My pal, Francis, the big dreamer, who only wants to be a star in her own town falls victim to scams. This recent scam is not the first as I recall her stories of other “lesser” money scams over the years. A thousand dollars here and there for web design and other internet-based activities. I do not know if her latest venture is a “scam” as of writing this story. It may pan out to be something legitimate. The proof is in the pudding.

Follow up: Time Will Tell

Francis went to visit the business that promised her fame and fortune. They paid her flight and she was to pay the hotel and expenses. I was glad that she brought her daughter with her to keep her safe from other possible mishaps. Her daughter has had to be her mother’s voice of reason and support over the years. It cannot be easy on her.

Francis needs to be in the limelight. She Facebook-ed her 4-day trip details. She went to the city museum, the zoo, and was invited to visit the mansion of the company owners. There were lots of pictures of her looking successful. “Fake it till you make it” comes to mind.

She has been back from her trip now for almost a month. I called her the day after her return and she said everything was fantastic. I have not heard from her in a few weeks now. Eerily quiet! In fact, I have been concerned. It is not like Francis to become quiet. We have exchanged a few texts here and there, but nothing substantive. She loves attention: Facebook is her favourite.
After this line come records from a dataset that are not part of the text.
(* Let $L$ be a subspace of $\bigwedge^{k}V$ and $j\leq n$, and let $K$ be the largest subspace of $\bigwedge^{k-1}V^{(j)}$ such that $e_j\wedge K\subseteq L$. Suppose $L$ is monomial with respect to $e_j$, i.e. $L=\big(L\cap\bigwedge^{k}V^{(j)}\big)\oplus\big(L\cap(e_{j}\wedge\bigwedge^{k-1}V^{(j)})\big)$, and let $1\leq i<j$. Then \[ N_{j\to i}L=\left(\Big(L\cap\bigwedge^{k}V^{(j)}\Big)+\left(e_{i}\wedge K\right)\right)\oplus\left(e_{j}\wedge K'\right), \] where $K'$ is the largest subspace of $K$ such that $e_{i}\wedge K'\subseteq L$.
   Context: $\mathbb{F}$ is a field (assumed throughout the paper, for expository purposes, to have characteristic not $2$), $V$ is an $n$-dimensional $\mathbb{F}$-vector space with a fixed basis $e_1,\dots,e_n$, and $\bigwedge V$ its exterior algebra. For $j\in[n]$, $V^{(j)}$ is the span of $\{e_h:h\neq j\}$, and $\bigwedge V^{(j)}$ is viewed as a subalgebra of $\bigwedge V$. Slow shift: for distinct $i,j\in[n]$ and nonzero $m\in\bigwedge^kV$, write uniquely $m=x+e_j\wedge y$ with $x\in\bigwedge^kV^{(j)}$, $y\in\bigwedge^{k-1}V^{(j)}$, and set $N_{j\to i}m=x+e_i\wedge y$ if this is nonzero, and $N_{j\to i}m=e_j\wedge y$ otherwise (the limit as $t\to0$ of the projective action of the linear map $e_j\mapsto e_i+te_j$ fixing the other $e_h$). For a subspace $L$ of $\bigwedge^kV$, $N_{j\to i}L$ is the span of $\{N_{j\to i}m:m\in L\setminus\{0\}\}$; it has the same dimension as $L$. *)

From HB Require Import structures.
From mathcomp Require Import all_boot all_order all_algebra.
Set Implicit Arguments. Unset Strict Implicit. Unset Printing Implicit Defensive.
Import GRing.Theory.
Local Open Scope ring_scope.

(* Exterior algebra of V = F^n with basis e_0,...,e_{n-1} (0-based indices
   'I_n for the paper's e_1..e_n).  An element of /\V is given by its
   coordinates on the monomial basis e_S = e_{s1} /\ ... /\ e_{sk}
   (s1 < ... < sk), A ranging over subsets of 'I_n. *)
Section Exterior.
Variables (F : fieldType) (n : nat).

Definition ext := {ffun {set 'I_n} -> F^o}.

Definition mono (A : {set 'I_n}) : ext := [ffun T => (T == A)%:R].
Definition vec (i : 'I_n) : ext := mono [set i].

(* number of inversions when concatenating the increasing words A and T *)
Definition inv_count (A T : {set 'I_n}) : nat :=
  #|[set p : 'I_n * 'I_n | [&& p.1 \in A, p.2 \in T & (p.2 < p.1)%N]]|.

(* e_S /\ e_T = 0 if A,T intersect, else (-1)^{inv} e_{A u T}; extended
   bilinearly *)
Definition wedge (x y : ext) : ext :=
  [ffun U => \sum_(A : {set 'I_n}) \sum_(T : {set 'I_n})
      if [disjoint A & T] && (A :|: T == U)
      then (-1) ^+ inv_count A T * x A * y T else 0].

Definition wedge_by (v : ext) : 'End(ext) := linfun (wedge v).

Definition extpow (k : nat) : {vspace ext} :=
  <<[seq mono A | A <- enum [set A : {set 'I_n} | #|A| == k]]>>%VS.

(* /\^k V^(j), V^(j) = span of e_h, h <> j *)
Definition extpow_off (j : 'I_n) (k : nat) : {vspace ext} :=
  <<[seq mono A | A <- enum [set A : {set 'I_n} | (#|A| == k) && (j \notin A)]]>>%VS.

Definition ss_decomp (j : 'I_n) (k : nat) (m x y : ext) : Prop :=
  [/\ x \in extpow_off j k, y \in extpow_off j k.-1 & m = x + wedge (vec j) y].

(* value of the slow shift N_{j->i} m given the decomposition *)
Definition ss_val (i j : 'I_n) (x y : ext) : ext :=
  if x + wedge (vec i) y != 0 then x + wedge (vec i) y else wedge (vec j) y.

Definition ss_image (i j : 'I_n) (k : nat) (L : {vspace ext}) (m' : ext) : Prop :=
  exists m x y, [/\ m \in L, m != 0, ss_decomp j k m x y & m' = ss_val i j x y].

Definition is_span (W : {vspace ext}) (P : ext -> Prop) : Prop :=
  (forall v, P v -> v \in W) /\
  (forall U : {vspace ext}, (forall v, P v -> v \in U) -> (W <= U)%VS).

End Exterior.

From HB Require Import structures.
From mathcomp Require Import all_boot all_order all_algebra.
Import GRing.Theory.
Local Open Scope ring_scope.

(* Every m in L splits uniquely as x + e_j /\ y with x free of e_j, and by
   monomiality x and e_j /\ y lie in L separately, so y lies in K.  Hence
   N_{j->i} m is x + e_i /\ y, an element of (L :&: /\V^(j)) + e_i /\ K,
   unless x + e_i /\ y = 0; then e_i /\ y = -x lies in L, so y lies in K' and
   N_{j->i} m = e_j /\ y.  Conversely each generator of the right-hand side is
   the shift of an explicit element of L: x itself, e_j /\ y for y in K, and
   e_j /\ y - e_i /\ y for y in K'.  The sum is direct because e_j /\ K' has
   no coordinate free of e_j while the first summand has only such
   coordinates. *)

Lemma mem_largest_subspace (R : fieldType) (aT rT : vectType R)
    (f : 'Hom(aT, rT)) (W K : {vspace aT}) (L : {vspace rT}) :
  (K <= W)%VS -> (f @: K <= L)%VS ->
  (forall U : {vspace aT}, (U <= W)%VS -> (f @: U <= L)%VS -> (U <= K)%VS) ->
  forall y, y \in W -> f y \in L -> y \in K.
Proof.
move=> sKW sfKL Kmax y yW fyL.
have sKyK : (K + <[y]> <= K)%VS.
  apply: Kmax; first by rewrite subv_add sKW -memvE.
  by rewrite limgD limg_line subv_add sfKL -memvE.
exact: subvP sKyK _ (subvP (addvSr K _) _ (memv_line y)).
Qed.

Section Exterior.
Local Set Implicit Arguments. Local Unset Strict Implicit.
Variables (F : fieldType) (n : nat).
Local Notation ext := (ext F n).
Local Notation vec := (vec F).

Lemma wedge_is_linear (v : ext) : linear (wedge v).
Proof.
move=> a x y; apply/ffunP => U; rewrite !ffunE.
rewrite scaler_sumr -big_split; apply: eq_bigr => A _.
rewrite scaler_sumr -big_split; apply: eq_bigr => T _.
case: ifP => _ /=; last by rewrite scaler0 addr0.
rewrite /GRing.scale /= !ffunE /=.
change (a *: x T) with (a * x T).
by rewrite mulrDr mulrCA.
Qed.

HB.instance Definition _ (v : ext) :=
  GRing.isLinear.Build F ext ext *:%R (wedge v) (wedge_is_linear v).

Lemma wedge_byE (v u : ext) : wedge_by v u = wedge v u.
Proof. by rewrite lfunE. Qed.

Definition avoid (j : 'I_n) (z : ext) := forall A : {set 'I_n}, j \in A -> z A = 0.

Lemma avoidD j z1 z2 : avoid j z1 -> avoid j z2 -> avoid j (z1 + z2).
Proof. by move=> h1 h2 A jA; rewrite !ffunE /= h1 // h2 // addr0. Qed.

Lemma avoidN j z : avoid j z -> avoid j (- z).
Proof. by move=> h A jA; rewrite !ffunE /= h // oppr0. Qed.

Lemma span_coord_eq0 (X : seq ext) (A : {set 'I_n}) :
  (forall x, x \in X -> x A = 0) -> forall z, z \in <<X>>%VS -> z A = 0.
Proof.
move=> X_A0 z zX; rewrite (coord_span (X := in_tuple X) zX) sum_ffunE.
by apply: big1 => l _; rewrite ffunE X_A0 ?scaler0 // mem_nth.
Qed.

Lemma extpow_off_avoid j d z : z \in extpow_off F j d -> avoid j z.
Proof.
move=> zW A jA; apply: span_coord_eq0 zW => x /mapP [B].
rewrite mem_enum inE => /andP [_ jB] ->.
by rewrite ffunE; case: eqP => // eBA; rewrite -eBA jA in jB.
Qed.

Lemma wedge_vec_notin (j : 'I_n) y (U : {set 'I_n}) :
  j \notin U -> wedge (vec j) y U = 0.
Proof.
move=> jU; rewrite ffunE; apply: big1 => A _; apply: big1 => T _.
case: ifP => // /andP [_ /eqP eU]; rewrite ffunE; case: eqP => [eA|_].
  by rewrite -eU eA inE set11 in jU.
by rewrite mulr0 mul0r.
Qed.

Lemma avoid_wedge_vec (i j : 'I_n) y :
  i != j -> avoid j y -> avoid j (wedge (vec i) y).
Proof.
move=> ij y_j U jU; rewrite ffunE; apply: big1 => A _; apply: big1 => T _.
case: ifP => // /andP [_ /eqP eU]; rewrite ffunE; case: eqP => [eA|_].
  rewrite y_j ?mulr0 //.
  by move: jU; rewrite -eU eA !inE => /orP [/eqP ji|//]; rewrite ji eqxx in ij.
by rewrite mulr0 mul0r.
Qed.

Lemma avoid_wedge_vec_eq0 (j : 'I_n) w :
  avoid j (wedge (vec j) w) -> wedge (vec j) w = 0.
Proof.
move=> w_j; apply/ffunP => U; rewrite [RHS]ffunE.
by case: (boolP (j \in U)) => jU; [exact: w_j | exact: wedge_vec_notin].
Qed.

Lemma wedge_vec_coord (j : 'I_n) y (T : {set 'I_n}) : j \notin T ->
  wedge (vec j) y (j |: T) = (-1) ^+ inv_count [set j] T * y T.
Proof.
move=> jT; rewrite ffunE (bigD1 [set j]) //= [X in _ + X]big1 ?addr0; last first.
  move=> A nAj; apply: big1 => T' _; case: ifP => // _.
  by rewrite ffunE (negbTE nAj) mulr0 mul0r.
rewrite (bigD1 T) //= [X in _ + X]big1 ?addr0; last first.
  move=> T' nT'T; case: ifP => // /andP [dT' /eqP eT'].
  case/negP: nT'T; apply/eqP/setP => x; move/setP: eT' => /(_ x); rewrite !inE.
  case: (eqVneq x j) => [->|_ //]; rewrite (negbTE jT).
  by move: dT'; rewrite disjoints1 => /negbTE.
by rewrite disjoints1 jT eqxx /= ffunE eqxx mulr1.
Qed.

Lemma wedge_vec_eq0 (j : 'I_n) y : avoid j y -> wedge (vec j) y = 0 -> y = 0.
Proof.
move=> y_j jy0; apply/ffunP => T; rewrite [RHS]ffunE.
case: (boolP (j \in T)) => jT; first exact: y_j.
have /esym/eqP := wedge_vec_coord y jT.
by rewrite jy0 ffunE mulf_eq0 signr_eq0 => /eqP.
Qed.

(* /\V = /\V^(j) (+) e_j /\ /\V: the first component is determined. *)
Lemma avoid_add_wedge_vec_inj (j : 'I_n) x x' y y' :
  avoid j x -> avoid j x' ->
  x + wedge (vec j) y = x' + wedge (vec j) y' -> x = x'.
Proof.
move=> x_j x'_j e; apply/eqP; rewrite -subr_eq0; apply/eqP.
have exx' : x - x' = wedge (vec j) (y' - y).
  rewrite -wedge_byE linearB /= !wedge_byE; apply: (addIr (wedge (vec j) y)).
  by rewrite subrK addrAC e addrAC subrr add0r.
rewrite exx' avoid_wedge_vec_eq0 // -exx'.
exact: avoidD x_j (avoidN x'_j).
Qed.

Section SlowShift.
Variables (k : nat) (i j : 'I_n) (L K K' : {vspace ext}).
Hypothesis neq_ij : i != j.
Hypothesis K_off : (K <= extpow_off F j k.-1)%VS.
Hypothesis wedge_j_K : (wedge_by (vec j) @: K <= L)%VS.
Hypothesis K_max : forall U : {vspace ext}, (U <= extpow_off F j k.-1)%VS ->
  (wedge_by (vec j) @: U <= L)%VS -> (U <= K)%VS.
Hypothesis L_monomial :
  L = (L :&: extpow_off F j k + L :&: (wedge_by (vec j) @: extpow_off F j k.-1))%VS.
Hypothesis K'_sub : (K' <= K)%VS.
Hypothesis wedge_i_K' : (wedge_by (vec i) @: K' <= L)%VS.
Hypothesis K'_max : forall U : {vspace ext}, (U <= K)%VS ->
  (wedge_by (vec i) @: U <= L)%VS -> (U <= K')%VS.

Local Notation L0 := (L :&: extpow_off F j k)%VS.
Local Notation target :=
  ((L :&: extpow_off F j k + wedge_by (vec i) @: K) + wedge_by (vec j) @: K')%VS.

Lemma mem_K y : y \in extpow_off F j k.-1 -> wedge (vec j) y \in L -> y \in K.
Proof. by rewrite -wedge_byE; apply: mem_largest_subspace. Qed.

Lemma mem_K' y : y \in K -> wedge (vec i) y \in L -> y \in K'.
Proof. by rewrite -wedge_byE; apply: mem_largest_subspace. Qed.

Lemma K_avoid y : y \in K -> avoid j y.
Proof. by move/(subvP K_off); apply: extpow_off_avoid. Qed.

Lemma L_decomp m : m \in L ->
  exists2 x, x \in L0 & exists2 y, y \in extpow_off F j k.-1 & m = x + wedge (vec j) y.
Proof.
rewrite {1}L_monomial => /memv_addP [x x_L0 [_ /memv_capP [_ /memv_imgP [y y_off ->]] ->]].
by exists x => //; exists y; rewrite ?wedge_byE.
Qed.

Lemma avoid_memL0 m : m \in L -> avoid j m -> m \in L0.
Proof.
move=> mL m_j; have [x x_L0 [y _ emx]] := L_decomp mL.
have x_j : avoid j x by case/memv_capP: x_L0 => _ /extpow_off_avoid.
suff -> : m = x by [].
apply: (avoid_add_wedge_vec_inj (y := 0) (y' := y) m_j x_j).
by rewrite -emx -wedge_byE linear0 addr0.
Qed.

Lemma ss_decomp_mem m x y : m \in L -> ss_decomp j k m x y -> x \in L /\ y \in K.
Proof.
move=> mL [x_off y_off emx]; have [a a_L0 [y' _ ema]] := L_decomp mL.
have a_j : avoid j a by case/memv_capP: a_L0 => _ /extpow_off_avoid.
have exa : x = a.
  apply: (avoid_add_wedge_vec_inj (y := y) (y' := y') (extpow_off_avoid x_off) a_j).
  by rewrite -emx -ema.
have xL : x \in L by rewrite exa; case/memv_capP: a_L0.
split=> //; apply: mem_K => //.
have -> : wedge (vec j) y = m - x by rewrite emx addrC addKr.
exact: memvB.
Qed.

Lemma ss_image_sub v : ss_image i j k L v -> v \in target.
Proof.
move=> [m [x [y [mL _ dm ->]]]]; have [xL yK] := ss_decomp_mem mL dm.
case: dm => x_off _ _; rewrite /ss_val; case: ifP => [_ | /negbFE/eqP xy0].
  apply: (subvP (addvSl _ _)); apply: memv_add; first exact/memv_capP.
  by rewrite -wedge_byE memv_img.
have eyx : wedge (vec i) y = - x by apply/eqP; rewrite -addr_eq0 addrC xy0.
apply: (subvP (addvSr _ _)); rewrite -wedge_byE memv_img // mem_K' //.
by rewrite eyx memvN.
Qed.

Lemma avoid_L0_add_wedge_i_K v : v \in (L0 + wedge_by (vec i) @: K)%VS -> avoid j v.
Proof.
case/memv_addP=> x /memv_capP [_ /extpow_off_avoid x_j] [_ /memv_imgP [y yK ->] ->].
by rewrite wedge_byE; apply: avoidD x_j (avoid_wedge_vec neq_ij (K_avoid yK)).
Qed.

Lemma L0_wedge_i_K_direct :
  ((L0 + wedge_by (vec i) @: K) :&: (wedge_by (vec j) @: K'))%VS = 0%VS.
Proof.
apply/eqP; rewrite -subv0; apply/subvP => v.
case/memv_capP=> /avoid_L0_add_wedge_i_K v_j /memv_imgP [y _ ev].
rewrite ev wedge_byE in v_j *.
by rewrite memv0 avoid_wedge_vec_eq0.
Qed.

Section Span.
Variable U : {vspace ext}.
Hypothesis U_image : forall v, ss_image i j k L v -> v \in U.

Lemma ss_val_mem m x y : m \in L -> ss_decomp j k m x y -> ss_val i j x y \in U.
Proof.
move=> mL dm; have [m0 | nz_m] := eqVneq m 0; last by apply: U_image; exists m, x, y.
case: dm => /extpow_off_avoid x_j /extpow_off_avoid y_j; rewrite m0 => e0.
have x0 : x = 0.
  apply: (avoid_add_wedge_vec_inj (x' := 0) (y := y) (y' := 0) x_j).
  - by move=> A _; rewrite ffunE.
  - by rewrite -e0 -wedge_byE linear0 addr0.
have y0 : y = 0 by apply: (wedge_vec_eq0 y_j); rewrite [RHS]e0 x0 add0r.
by rewrite /ss_val x0 y0 -!wedge_byE !linear0 addr0 eqxx mem0v.
Qed.

Lemma L0_sub_span : (L0 <= U)%VS.
Proof.
apply/subvP => v /memv_capP [vL v_off].
have -> : v = ss_val i j v 0 by rewrite /ss_val -!wedge_byE !linear0 addr0; case: eqP.
by apply: (ss_val_mem vL); split; rewrite ?mem0v // -wedge_byE linear0 addr0.
Qed.

Lemma wedge_i_K_sub_span : (wedge_by (vec i) @: K <= U)%VS.
Proof.
apply/subvP => _ /memv_imgP [y yK ->]; rewrite wedge_byE.
have [-> | nz] := eqVneq (wedge (vec i) y) 0; first exact: mem0v.
have := @ss_val_mem (wedge (vec j) y) 0 y; rewrite /ss_val add0r nz; apply.
  by rewrite -wedge_byE (subvP wedge_j_K) // memv_img.
by split; rewrite ?mem0v ?(subvP K_off) ?add0r.
Qed.

Lemma wedge_j_K'_sub_span : (wedge_by (vec j) @: K' <= U)%VS.
Proof.
apply/subvP => _ /memv_imgP [y yK' ->]; have yK := subvP K'_sub _ yK'.
have iyL : wedge (vec i) y \in L by rewrite -wedge_byE (subvP wedge_i_K') ?memv_img.
have /memv_capP [_ iy_off] := avoid_memL0 iyL (avoid_wedge_vec neq_ij (K_avoid yK)).
have := @ss_val_mem (wedge (vec j) y - wedge (vec i) y) (- wedge (vec i) y) y.
rewrite /ss_val addNr eqxx wedge_byE; apply.
  by rewrite memvB // -wedge_byE (subvP wedge_j_K) ?memv_img.
by split; rewrite ?memvN ?(subvP K_off) // addrC.
Qed.

End Span.

Lemma is_span_ss_image : is_span target (ss_image i j k L).
Proof.
split=> [|U U_image]; first exact: ss_image_sub.
by rewrite !subv_add L0_sub_span ?wedge_i_K_sub_span ?wedge_j_K'_sub_span.
Qed.

End SlowShift.

End Exterior.

Theorem lemma3p5 (F : fieldType) (n k : nat) (i j : 'I_n)
    (L K K' : {vspace ext F n}) :
  (2%:R != 0 :> F) ->
  (L <= extpow F n k)%VS ->
  (* K is the largest subspace of /\^(k-1) V^(j) with e_j /\ K <= L *)
  (K <= extpow_off F j k.-1)%VS ->
  (wedge_by (vec F j) @: K <= L)%VS ->
  (forall U : {vspace ext F n}, (U <= extpow_off F j k.-1)%VS ->
     (wedge_by (vec F j) @: U <= L)%VS -> (U <= K)%VS) ->
  (* L is monomial with respect to e_j *)
  L = (L :&: extpow_off F j k + L :&: (wedge_by (vec F j) @: extpow_off F j k.-1))%VS ->
  (i < j)%N ->
  (* K' is the largest subspace of K with e_i /\ K' <= L *)
  (K' <= K)%VS ->
  (wedge_by (vec F i) @: K' <= L)%VS ->
  (forall U : {vspace ext F n}, (U <= K)%VS ->
     (wedge_by (vec F i) @: U <= L)%VS -> (U <= K')%VS) ->
  is_span ((L :&: extpow_off F j k + wedge_by (vec F i) @: K) + wedge_by (vec F j) @: K')%VS
          (ss_image i j k L)
  /\ ((L :&: extpow_off F j k + wedge_by (vec F i) @: K) :&: (wedge_by (vec F j) @: K'))%VS = 0%VS.
Proof.
move=> _ _ K_off wedge_j_K K_max L_monomial lt_ij K'_sub wedge_i_K' K'_max.
have neq_ij : i != j by apply: contraTneq lt_ij => ->; rewrite ltnn.
split; first exact: is_span_ss_image.
exact: L0_wedge_i_K_direct.
Qed.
A mutual friend of hers, Maddy, and I went for coffee yesterday. We are busy people and are careful not to talk about other people. Though, on this occasion, we did discuss Francis out of concern. She brought to my attention that Francis had Facebook-ed herself in the hospital with tubes in her nose. A long description about her illness and her supposed heart attack. We viewed this together and neither of us knows how to intervene in a way to keep her from declining any further. We don’t believe her description.

I know that trouble is brewing. She has a pattern of becoming ill and posting it when her dreams get shattered. No more talk about her million-dollar business. The drama continues as now she is nearing death, according to her. I have witnessed this before. Both Maddy and I are not wanting to play into her drama, for her sake as well as ours.

Francis’s friends get changed out on a regular basis: Once they ask to many questions about her ventures, they become extinct. She denies to herself that her tales of grandeur are not fooling anyone. I am her longest and best friend, she tells me. I have great empathy for her and don’t let on that I know she lies due to desperation for attention.

Dreaming of fame and fortune is not that unusual, I suppose. But when desperation, deception, and the need for attention become the primary focus, does that open the doors for being scammed out of what little you may have? I tell this story as I witness a dreamer fall deeper into decline and perhaps self-imposed ill health. It is like watching an accident and being helpless on the sidelines. I do have a belief that doing something just for fame and fortune, rather than to help other people with an idea or invention, can only lead to disappointment. If you are promised to receive all you desire for only $15,000 (to start), it is probably too good to be true.

I wish you well, Francis, or at least wish for an intervention before you slide into even deeper despair. I have tried to help you before and was met with resistance. I would miss you dearly should you not be around anymore, for real.